◆ **YOUR ASSIGNMENT**
Can you restate the lines of the entries below, word for word, from the first one through the line that includes "(* P(S_1 = s_1, ..., S_k"?

◆ **ENTRIES PROVIDED**

★ ★ ★ ★ ★ ★ ★

(* Let $\boldsymbol{\mu}=(\mu_s)_{s\ge1}$ be a fixed probability distribution on $\{1,2,\dots\}$ with $\mu_1>0$ and $\sum_{s=1}^\infty s\mu_s<\infty$, for each $n$ let $\Pi_n\sim ESC_{[n]}(\boldsymbol{\mu})$, and let $M_n$ be the size of the largest cluster of $\Pi_n$. Then $M_n/n\xrightarrow{p}0$ as $n\to\infty$.
   Context: For a fixed distribution $\boldsymbol{\mu}$ on the positive integers with $\mu_1>0$, $ESC_{[n]}(\boldsymbol{\mu})$ is the law of the following random partition of $[n]=\{1,\dots,n\}$: let $S_1,S_2,\dots$ be i.i.d. with law $\boldsymbol{\mu}$, condition on the event $E_n$ that $\sum_{j=1}^k S_j=n$ for some $k\in\mathbb{N}$, let $K$ be that unique $k$, and let $(z_1,\dots,z_n)$ be a uniformly random permutation of the vector with $S_1$ copies of $1$, ..., $S_K$ copies of $K$; the partition has blocks $\{i:z_i=j\}$, $j=1,\dots,K$ (so it has $K$ clusters of sizes $S_1,\dots,S_K$). $\xrightarrow{p}$ denotes convergence in probability. *)

From HB Require Import structures.
From mathcomp Require Import all_boot all_order all_algebra.
From mathcomp Require Import all_classical all_reals all_analysis.
Set Implicit Arguments. Unset Strict Implicit. Unset Printing Implicit Defensive.
Import Order.TTheory GRing.Theory Num.Theory.
Local Open Scope ring_scope.

(* A sequence (S_1,...,S_k) of cluster sizes, each part stored in 'I_n.+1. *)
Definition is_comp (n k : nat) (s : {ffun 'I_k -> 'I_n.+1}) : bool :=
  [forall i, (0 < s i)%N] && ((\sum_(i < k) (s i : nat))%N == n).

(* P(S_1 = s_1, ..., S_k = s_k) for i.i.d. S_j ~ mu. *)
Definition comp_weight (R : realType) (mu : nat -> R) (n k : nat)
  (s : {ffun 'I_k -> 'I_n.+1}) : R := \prod_(i < k) mu (s i).

Definition arrangements (n k : nat) (s : {ffun 'I_k -> 'I_n.+1})
  : {set {ffun 'I_n -> 'I_k}} :=
  [set z : {ffun 'I_n -> 'I_k} | [forall j, #|[set i | z i == j]| == s j]].

Definition cluster_partition (n k : nat) (z : {ffun 'I_n -> 'I_k})
  : {set {set 'I_n}} := [set [set i | z i == j] | j : 'I_k].

Definition max_block (n : nat) (P : {set {set 'I_n}}) : nat :=
  (\max_(B in P) #|B|)%N.

(* P(E_n): some partial sum equals n (events over k are disjoint). *)
Definition prob_E (R : realType) (mu : nat -> R) (n : nat) : R :=
  \sum_(k < n.+1) \sum_(s : {ffun 'I_k -> 'I_n.+1} | is_comp s)
     comp_weight mu s.

Definition esc_prob (R : realType) (mu : nat -> R) (n : nat)
  (Ev : {set {set 'I_n}} -> bool) : R :=
  (\sum_(k < n.+1) \sum_(s : {ffun 'I_k -> 'I_n.+1} | is_comp s)
     comp_weight mu s *
     (#|[set z in arrangements s | Ev (cluster_partition z)]|%:R
       / #|arrangements s|%:R)) / prob_E mu n.
Arguments esc_prob {R} mu n Ev.

(* Conditionally on the cluster sizes (S_1, ..., S_K), the event "some cluster
   exceeds eps n" has probability at most the number of sizes exceeding eps n
   (union bound), so

     P(M_n > eps n) <= E[#{j : S_j > eps n}; E_n] / P(E_n).

   Both numerator and denominator satisfy renewal-type recursions obtained by
   splitting off the first part of a composition of n; we compute with them
   through [comp_sum], a sum over compositions indexed by their first part.
   - Numerator: at most n parts, each exceeding eps n with probability
     P(eps n < S <= n) <= (eps n)^-1 E[S; S > eps n]; finiteness of the mean
     makes this o(1/n), so the numerator vanishes.
   - Denominator: the renewal identity sum_(i <= n) U(i) P(S > n - i) = 1,
     the tail bound sum_(j >= J) P(S > j) <= 1/2 for J large (finite mean) and
     U(n) >= mu(1)^j U(n - j) give the uniform bound U(n) >= mu(1)^J / (2 J). *)
From HB Require Import structures.
From mathcomp Require Import all_boot all_order all_algebra.
From mathcomp Require Import all_classical all_reals all_analysis.
From mathcomp Require Import zify ring lra.
Import Order.TTheory GRing.Theory Num.Theory.
Import numFieldNormedType.Exports.
Local Open Scope classical_set_scope.
Local Open Scope ring_scope.
Set Implicit Arguments. Unset Strict Implicit.

Section Compositions.
Variable R : numDomainType.
Implicit Types (Phi : seq nat -> R) (n k : nat).

(* [comp_sum n k Phi] sums [Phi] over the lists of [k] positive integers with
   sum [n], enumerated by their first entry. *)
Fixpoint comp_sum n k Phi : R :=
  match k with
  | 0 => if n == 0%N then Phi [::] else 0
  | k'.+1 => \sum_(t < n) comp_sum (n - t.+1) k' (fun l => Phi (t.+1 :: l))
  end.

Lemma comp_sumD n k Phi1 Phi2 :
  comp_sum n k (fun l => Phi1 l + Phi2 l) = comp_sum n k Phi1 + comp_sum n k Phi2.
Proof.
elim: k n Phi1 Phi2 => [|k IH] n Phi1 Phi2 /=; first by case: eqP; rewrite ?addr0.
by rewrite -big_split; apply: eq_bigr => t _; apply: IH.
Qed.

Lemma comp_sumZ n k c Phi :
  comp_sum n k (fun l => c * Phi l) = c * comp_sum n k Phi.
Proof.
elim: k n Phi => [|k IH] n Phi /=; first by case: eqP; rewrite ?mulr0.
by rewrite mulr_sumr; apply: eq_bigr => t _; apply: IH.
Qed.

Lemma comp_sum_ge0 n k Phi : (forall l, 0 <= Phi l) -> 0 <= comp_sum n k Phi.
Proof.
elim: k n Phi => [|k IH] n Phi Phi_ge0 /=; first by case: eqP.
by apply: sumr_ge0 => t _; apply: IH.
Qed.

Lemma comp_sum_overfull n k Phi : (n < k)%N -> comp_sum n k Phi = 0.
Proof.
elim: k n Phi => [|k IH] n Phi //= lt_nk.
by apply: big1 => t _; apply: IH; have := ltn_ord t; lia.
Qed.

Definition all_comp_sum Phi n : R := \sum_(k < n.+1) comp_sum n k Phi.

Lemma all_comp_sumD Phi1 Phi2 n :
  all_comp_sum (fun l => Phi1 l + Phi2 l) n = all_comp_sum Phi1 n + all_comp_sum Phi2 n.
Proof. by rewrite -big_split; apply: eq_bigr => k _; apply: comp_sumD. Qed.

Lemma all_comp_sumZ c Phi n :
  all_comp_sum (fun l => c * Phi l) n = c * all_comp_sum Phi n.
Proof. by rewrite mulr_sumr; apply: eq_bigr => k _; apply: comp_sumZ. Qed.

Lemma all_comp_sum_ge0 Phi n : (forall l, 0 <= Phi l) -> 0 <= all_comp_sum Phi n.
Proof. by move=> Phi_ge0; apply: sumr_ge0 => k _; apply: comp_sum_ge0. Qed.

Lemma all_comp_sum0 Phi : all_comp_sum Phi 0 = Phi [::].
Proof. by rewrite /all_comp_sum big_ord1. Qed.

Lemma all_comp_sumS Phi n :
  all_comp_sum Phi n.+1 =
  \sum_(t < n.+1) all_comp_sum (fun l => Phi (t.+1 :: l)) (n - t).
Proof.
rewrite /all_comp_sum big_ord_recl /= add0r exchange_big /=.
apply: eq_bigr => t _; rewrite subSS.
have le_tn : ((n - t).+1 <= n.+1)%N by rewrite ltnS leq_subr.
rewrite (big_ord_widen n.+1 (fun k => comp_sum (n - t) k _) le_tn).
rewrite (bigID (fun k : 'I_n.+1 => (k < (n - t).+1)%N)) /= [X in _ + X]big1 ?addr0.
  by apply: eq_bigr => k _; rewrite add0n.
by move=> k; rewrite -leqNgt => lt_k; apply: comp_sum_overfull.
Qed.

End Compositions.

Section FiniteSums.
Variable R : numDomainType.

Lemma sum_le_subfilter (I : finType) (P Q : pred I) (F : I -> R) :
  (forall i, Q i -> 0 <= F i) -> (forall i, P i -> Q i) ->
  \sum_(i | P i) F i <= \sum_(i | Q i) F i.
Proof.
move=> F_ge0 PQ; rewrite [leRHS](bigID P) /= (eq_bigl P) ?lerDl.
  by apply: sumr_ge0 => i /andP[/F_ge0].
by move=> i; case: (boolP (P i)) => [/PQ ->|]; rewrite ?andbF.
Qed.

Lemma sum_const_ord_lt m t (c : R) :
  \sum_(j < m | (j < t)%N) c = (minn m t)%:R * c.
Proof.
elim: m => [|m IH]; first by rewrite big_ord0 min0n mul0r.
rewrite big_mkcond big_ord_recr /= -big_mkcond IH.
case: (ltnP m t) => [lt_mt|le_tm].
  by rewrite (minn_idPl lt_mt) -natr1 mulrDl mul1r.
by rewrite addr0 (minn_idPr (leqW le_tm)).
Qed.

Lemma sum_residuals_le (f : nat -> R) J n M : (forall s, 0 <= f s) -> (n <= M)%N ->
  \sum_(j < n.+1 | (J <= j)%N) (\sum_(t < M.+1) f t - \sum_(t < j.+1) f t)
  <= \sum_(t < M.+1 | (J <= t)%N) t%:R * f t.
Proof.
move=> f_ge0 le_nM.
have residual (j : 'I_n.+1) :
    \sum_(t < M.+1) f t - \sum_(t < j.+1) f t = \sum_(t < M.+1 | (j < t)%N) f t.
  have le_jM : (j.+1 <= M.+1)%N by rewrite ltnS (leq_trans _ le_nM) // -ltnS.
  rewrite (big_ord_widen M.+1 f le_jM) [X in X - _](bigID (fun t : 'I_M.+1 => (t < j.+1)%N)).
  by rewrite /= addrC addrK; apply: eq_bigl => t; rewrite ltnS -ltnNge.
rewrite (eq_bigr _ (fun j _ => residual j)).
rewrite (exchange_big_dep xpredT) //= [leRHS]big_mkcond ler_sum // => t _.
case: (leqP J t) => [le_Jt|lt_tJ]; last by rewrite big1 // => j /andP[]; lia.
apply: (le_trans (sum_le_subfilter (Q := fun j : 'I_n.+1 => (j < t)%N) _ _)) => //.
  by move=> j /andP[].
by rewrite sum_const_ord_lt ler_wpM2r // ler_nat geq_minr.
Qed.

End FiniteSums.

Section FfunCompositions.
Variable R : numDomainType.

Definition ffun_seq (k B : nat) (s : {ffun 'I_k -> 'I_B}) : seq nat :=
  [seq val (s i) | i <- enum 'I_k].

Definition composes (B n k : nat) (s : {ffun 'I_k -> 'I_B}) : bool :=
  [forall i, (0 < s i)%N] && ((\sum_(i < k) (s i : nat))%N == n).

Definition cons_ffun (T : Type) k (x : T) (g : {ffun 'I_k -> T}) :
  {ffun 'I_k.+1 -> T} := [ffun i => if unlift ord0 i is Some j then g j else x].

Lemma cons_ffun0 (T : Type) k (x : T) g : @cons_ffun T k x g ord0 = x.
Proof. by rewrite ffunE unlift_none. Qed.

Lemma cons_ffunS (T : Type) k (x : T) g j : @cons_ffun T k x g (lift ord0 j) = g j.
Proof. by rewrite ffunE liftK. Qed.

Lemma big_ffun_cons (T : finType) k (F : {ffun 'I_k.+1 -> T} -> R) :
  \sum_f F f = \sum_(x : T) \sum_(g : {ffun 'I_k -> T}) F (cons_ffun x g).
Proof.
rewrite pair_big /= (reindex (fun p : T * {ffun 'I_k -> T} => cons_ffun p.1 p.2)) //=.
exists (fun f => (f ord0, [ffun j => f (lift ord0 j)])) => [[x g] _|f _] /=.
  by rewrite cons_ffun0; congr pair; apply/ffunP => j; rewrite ffunE cons_ffunS.
by apply/ffunP => i; rewrite ffunE; case: unliftP => [j ->|->]; rewrite ?ffunE.
Qed.

Lemma ffun_seq_cons k B (x : 'I_B) (g : {ffun 'I_k -> 'I_B}) :
  ffun_seq (cons_ffun x g) = val x :: ffun_seq g.
Proof.
rewrite /ffun_seq enum_ordSl /= cons_ffun0 -map_comp; congr cons.
by apply: eq_map => j /=; rewrite cons_ffunS.
Qed.

Lemma composes_cons B n k (x : 'I_B) (g : {ffun 'I_k -> 'I_B}) :
  composes n (cons_ffun x g) = [&& (0 < x)%N, (x <= n)%N & composes (n - x) g].
Proof.
rewrite /composes big_ord_recl cons_ffun0.
under eq_bigr do rewrite cons_ffunS.
have -> : [forall i, (0 < cons_ffun x g i)%N] = (0 < x)%N && [forall i, (0 < g i)%N].
  apply/forallP/andP => [pos_xg|[pos_x /forallP pos_g] i].
    split; first by have := pos_xg ord0; rewrite cons_ffun0.
    by apply/forallP => j; have := pos_xg (lift ord0 j); rewrite cons_ffunS.
  by case: (unliftP ord0 i) => [j ->|->]; rewrite ?cons_ffunS ?cons_ffun0.
case: (0 < x)%N; case: [forall i, (0 < g i)%N]; rewrite /= ?andbF //.
by apply/eqP/andP => [<-|[le_xn /eqP ->]]; [rewrite leq_addr addKn | rewrite subnKC].
Qed.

★ ★ ★ ★ ★ ★ ★

◆ **ANSWER TO THE PROBLEM**
(* Let $\boldsymbol{\mu}=(\mu_s)_{s\ge1}$ be a fixed probability distribution on $\{1,2,\dots\}$ with $\mu_1>0$ and $\sum_{s=1}^\infty s\mu_s<\infty$, for each $n$ let $\Pi_n\sim ESC_{[n]}(\boldsymbol{\mu})$, and let $M_n$ be the size of the largest cluster of $\Pi_n$. Then $M_n/n\xrightarrow{p}0$ as $n\to\infty$.
   Context: For a fixed distribution $\boldsymbol{\mu}$ on the positive integers with $\mu_1>0$, $ESC_{[n]}(\boldsymbol{\mu})$ is the law of the following random partition of $[n]=\{1,\dots,n\}$: let $S_1,S_2,\dots$ be i.i.d. with law $\boldsymbol{\mu}$, condition on the event $E_n$ that $\sum_{j=1}^k S_j=n$ for some $k\in\mathbb{N}$, let $K$ be that unique $k$, and let $(z_1,\dots,z_n)$ be a uniformly random permutation of the vector with $S_1$ copies of $1$, ..., $S_K$ copies of $K$; the partition has blocks $\{i:z_i=j\}$, $j=1,\dots,K$ (so it has $K$ clusters of sizes $S_1,\dots,S_K$). $\xrightarrow{p}$ denotes convergence in probability. *)

From HB Require Import structures.
From mathcomp Require Import all_boot all_order all_algebra.
From mathcomp Require Import all_classical all_reals all_analysis.
Set Implicit Arguments. Unset Strict Implicit. Unset Printing Implicit Defensive.
Import Order.TTheory GRing.Theory Num.Theory.
Local Open Scope ring_scope.

(* A sequence (S_1,...,S_k) of cluster sizes, each part stored in 'I_n.+1. *)
Definition is_comp (n k : nat) (s : {ffun 'I_k -> 'I_n.+1}) : bool :=
  [forall i, (0 < s i)%N] && ((\sum_(i < k) (s i : nat))%N == n).

(* P(S_1 = s_1, ..., S_k = s_k) for i.i.d. S_j ~ mu. *)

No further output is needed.